WHAT YOU WILL DO: Return the run of lines below that opens with the line containing "rewrite nil_w; last lia." and closes with the line containing "F) 0%N) u = 0) ->", keeping each one exact.

SOURCE INFORMATION:

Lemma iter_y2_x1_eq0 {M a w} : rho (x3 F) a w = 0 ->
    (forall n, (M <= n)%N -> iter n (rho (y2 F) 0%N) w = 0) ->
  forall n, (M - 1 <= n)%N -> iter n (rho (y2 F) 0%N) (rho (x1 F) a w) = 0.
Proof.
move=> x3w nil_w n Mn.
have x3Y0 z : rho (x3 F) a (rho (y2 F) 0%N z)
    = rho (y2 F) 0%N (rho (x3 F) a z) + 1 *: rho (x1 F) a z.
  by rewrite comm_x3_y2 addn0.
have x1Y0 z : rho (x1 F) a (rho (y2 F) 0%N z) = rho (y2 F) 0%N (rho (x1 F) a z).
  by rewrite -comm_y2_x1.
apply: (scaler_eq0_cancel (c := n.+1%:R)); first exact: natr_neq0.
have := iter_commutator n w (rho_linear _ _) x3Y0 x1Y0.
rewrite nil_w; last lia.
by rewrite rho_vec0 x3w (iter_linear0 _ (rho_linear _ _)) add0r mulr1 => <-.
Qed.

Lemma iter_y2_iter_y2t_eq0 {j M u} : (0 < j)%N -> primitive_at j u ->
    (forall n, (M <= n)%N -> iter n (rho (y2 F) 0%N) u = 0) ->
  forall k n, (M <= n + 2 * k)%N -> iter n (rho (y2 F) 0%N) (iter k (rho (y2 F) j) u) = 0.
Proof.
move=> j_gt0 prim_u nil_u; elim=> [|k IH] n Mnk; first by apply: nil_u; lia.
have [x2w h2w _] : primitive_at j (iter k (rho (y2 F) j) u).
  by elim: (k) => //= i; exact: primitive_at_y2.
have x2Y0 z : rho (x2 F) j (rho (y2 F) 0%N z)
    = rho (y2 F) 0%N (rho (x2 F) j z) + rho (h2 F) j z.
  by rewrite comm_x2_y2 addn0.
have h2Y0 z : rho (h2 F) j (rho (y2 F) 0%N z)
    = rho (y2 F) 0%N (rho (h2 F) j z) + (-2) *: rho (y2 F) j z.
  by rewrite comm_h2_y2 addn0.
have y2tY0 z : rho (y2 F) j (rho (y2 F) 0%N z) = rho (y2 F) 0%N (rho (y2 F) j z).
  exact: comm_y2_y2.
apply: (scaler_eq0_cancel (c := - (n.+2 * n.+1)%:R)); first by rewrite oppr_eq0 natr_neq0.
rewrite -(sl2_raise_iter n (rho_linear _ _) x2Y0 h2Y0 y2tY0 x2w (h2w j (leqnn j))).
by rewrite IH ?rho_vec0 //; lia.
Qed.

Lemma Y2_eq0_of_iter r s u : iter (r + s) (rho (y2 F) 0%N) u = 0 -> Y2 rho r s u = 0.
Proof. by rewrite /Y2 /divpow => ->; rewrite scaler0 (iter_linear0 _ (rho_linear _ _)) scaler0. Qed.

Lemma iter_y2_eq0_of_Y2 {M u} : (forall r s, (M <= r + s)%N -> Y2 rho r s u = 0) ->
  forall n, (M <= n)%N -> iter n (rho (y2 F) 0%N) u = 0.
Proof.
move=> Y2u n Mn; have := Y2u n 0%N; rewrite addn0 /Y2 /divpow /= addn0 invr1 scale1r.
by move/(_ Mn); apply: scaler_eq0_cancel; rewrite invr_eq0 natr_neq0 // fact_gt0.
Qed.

RESPONSE FOR THIS EXERCISE:
rewrite nil_w; last lia.
by rewrite rho_vec0 x3w (iter_linear0 _ (rho_linear _ _)) add0r mulr1 => <-.
Qed.

Lemma iter_y2_iter_y2t_eq0 {j M u} : (0 < j)%N -> primitive_at j u ->
    (forall n, (M <= n)%N -> iter n (rho (y2 F) 0%N) u = 0) ->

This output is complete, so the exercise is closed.